Пафос Шестова был поначалу совершенно нигилистическим. Он отрицал весь ход мысли, запечатленный в истории человеческой культуры. Ницше да отрицающие герои Достоевского были единственными его кумирами. «Апофеоз беспочвенности» — так называется книга Шестова (1905 год). Но с самого начала нигилизм Шестова был обнадежен его страстью к
художественномутворчеству. Отрицая «положительную» религию, разум, общественность,— он не отрицал живого искусства. И, отбрасывая Канта, Гегеля, Милля,— он не скрывал восторга перед Шекспиром и Пушкиным. Поэтому его нигилизм противоположен нигилизму Писарева (как, например, и нигилизм Ницше противоположен нигилизму Маркса). У противников Шестова нередко бывало наоборот: Гераклит мечтал наказать розгами Гомера, Сократ «ушел» от поэтов, Платон насаждал беспощадную цензуру в «наилучшем» городе, а спокойный Аристотель итожил опыт учителей лаконичным «много лгут певцы».
Всю жизнь Шестов был очень последователен.— «На меня сердятся за то, будто, что я все об одном и том же говорю» /231/,— жаловался он на склоне лет. Но если было в его творчестве движение, развитие, изменение — то, бесспорно, одно и основное: Бог тянул к себе Шестова все сильнее. Философия все явственней обретала черты религиозной философии. Нигилизм Шестова (до конца проглядывая то там, то здесь) отошел на задний план. Традиции рационалистического умозрения Шестов недвусмысленно противопоставил, развернув по всему фронту, традицию дерзновенного откровения. Умозрение и откровение он увидел в отношении антагонизма.
Так родилась книга «Афины и Иерусалим».— «Не правильнее ли поставить дилемму: Афины либо Иерусалим, религия либо философия?» /7/,— с непривычной резкостью спросил Шестов. И придал своему труду эпиграф — вещие слова Тертуллиана: — Quid ergo Athenis et Hierosolimis?
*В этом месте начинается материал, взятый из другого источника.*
Lemma fail_prob_le : \sum_(s | ~~ identifiable s) seq_prob s <= (2 ^ n)%:R * (1 - d) ^+ r.
Proof.
apply: (@le_trans _ _ (\sum_s ((if ~~ consistent X s then seq_prob s else 0) +
          \sum_(S | wrong_cut S) (if consistent S s then seq_prob s else 0)))).
  rewrite big_mkcond /=; apply: ler_sum => s _.
  have P_ge0 := seq_prob_ge0 s.
  have sum_ge0 : 0 <= \sum_(S | wrong_cut S) (if consistent S s then seq_prob s else 0).
    by apply: sumr_ge0 => S _; case: ifP.
  case: ifP => [|_]; last by rewrite addr_ge0 //; case: ifP.
  case: (boolP (consistent X s)) => [consX /=|_]; last by rewrite lerDl.
  rewrite add0r /identifiable consX => /forallPn [A]; rewrite negb_imply negbK => /andP[wA cA].
  by rewrite (bigD1 A) //= cA lerDl sumr_ge0 // => S _; case: ifP.
rewrite big_split /= -big_mkcond sum_seq_prob_inconsistent add0r exchange_big /=.
apply: (@le_trans _ _ (\sum_(S : {set 'I_n}) (1 - d) ^+ r)).
  rewrite [X in _ <= X](bigID wrong_cut) /= -[X in X <= _]addr0; apply: lerD.
    apply: ler_sum => S /and3P[/eqP cardS SX ScX].
    rewrite -big_mkcond sum_seq_prob_consistent.
    by apply: lerXn2r; rewrite ?nnegrE ?sumr_ge0 ?p_even_le // subr_ge0.
  by apply: sumr_ge0 => S _; rewrite exprn_ge0 // subr_ge0.
rewrite (eq_bigl (fun S => S \in [set: {set 'I_n}])); last by move=> S; rewrite inE.
by rewrite sumr_const -powersetT card_powerset cardsT card_ord mulr_natl.
Qed.

Lemma consistent_cut_success :
  1 - (2 ^ n)%:R * (1 - d) ^+ r <=
  \sum_(s | (consistent_cut s == X) || (consistent_cut s == ~: X)) seq_prob s.
Proof.
apply: (@le_trans _ _ (\sum_(s | identifiable s) seq_prob s)).
  have := sum_seq_prob; rewrite (bigID identifiable) /=.
  by have := fail_prob_le; lra.
rewrite [X in _ <= X]big_mkcond [X in X <= _]big_mkcond /=; apply: ler_sum => s _.
case: ifP => [/consistent_cut_correct -> //|_].
by case: ifP => _ //; exact: seq_prob_ge0.
Qed.

End ConsistentCut.

Section Estimates.
Variable R : realType.

Lemma bernoulli_le (d : R) N : 0 <= d -> 1 + N%:R * d <= (1 + d) ^+ N.
Proof.
move=> d_ge0; elim: N => [|N IHN]; first by rewrite mul0r addr0 expr0.
have : 0 <= N%:R * d by rewrite mulr_ge0.
by rewrite exprS -natr1; nra.
Qed.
Non ridere, non lugere, neque detestari, sed intelligere (не смеяться, не скорбеть, не ненавидеть, но понимать),— этот приказ Спинозы Шестов осознал как обобщение всей истории философского рационализма. Это и есть тот ракурс, который позволил Шестову собрать воедино все оттенки «умозрения» и бороться со всеми разом.
И не только с историей философии боролся Шестов. Вообще познаниедля него — следствие грехопадения и само грехопадение. И это не причуда фантазии: когда Шестов говорит о том, как Адам пал, отведав плодов с древа познания добра и зла (а Шестов именно об этом говорит, повторяясь неоднократно, в зрелых своих сочинениях),— он лишь воспроизводит в точности то, что написано в соответствующих /3, 1-7 и далее/ стихах книги Бытия. Шестова поражало, что даже богословы нередко искажали или замалчивали смысл этих слов из книги Бытия. Он боролся не с одною лишь историей философии: борьба шла с целым многотысячелетним уклоном человеческого развития — с уклоном, извратившим человеческую мысль, расколовшим надвое культуру и в итоге поставившим под угрозу саму природу человека.
Познанию Шестов противопоставил творчество; разуму — веру. Порывая с intelligere, он возвращал законные права ridere, lugere, detestari. Господству необходимости (даже в его замаскированных формах, когда диалектика свободы и необходимости приводит на деле к порабощению свободы) Шестов противопоставил иррациональность Божественного и человеческого произвола. Он выступил особенно резко против морали, которая венчает построения умозрительных систем, воспевающих необходимость. За высокомерием Сократа, добровольно принимающего бессмысленную смерть, за любыми призывами к благоговейной покорности року — Шестов видел лишь умело запрятанную беспомощность человека и человеческого разума перед «железными» законами необходимости. А сами эти законы необходимости и тот факт, что они с кажущейся фатальностью вырастают на пути человека,— Шестов выводил из природы познания, из самой сути познания.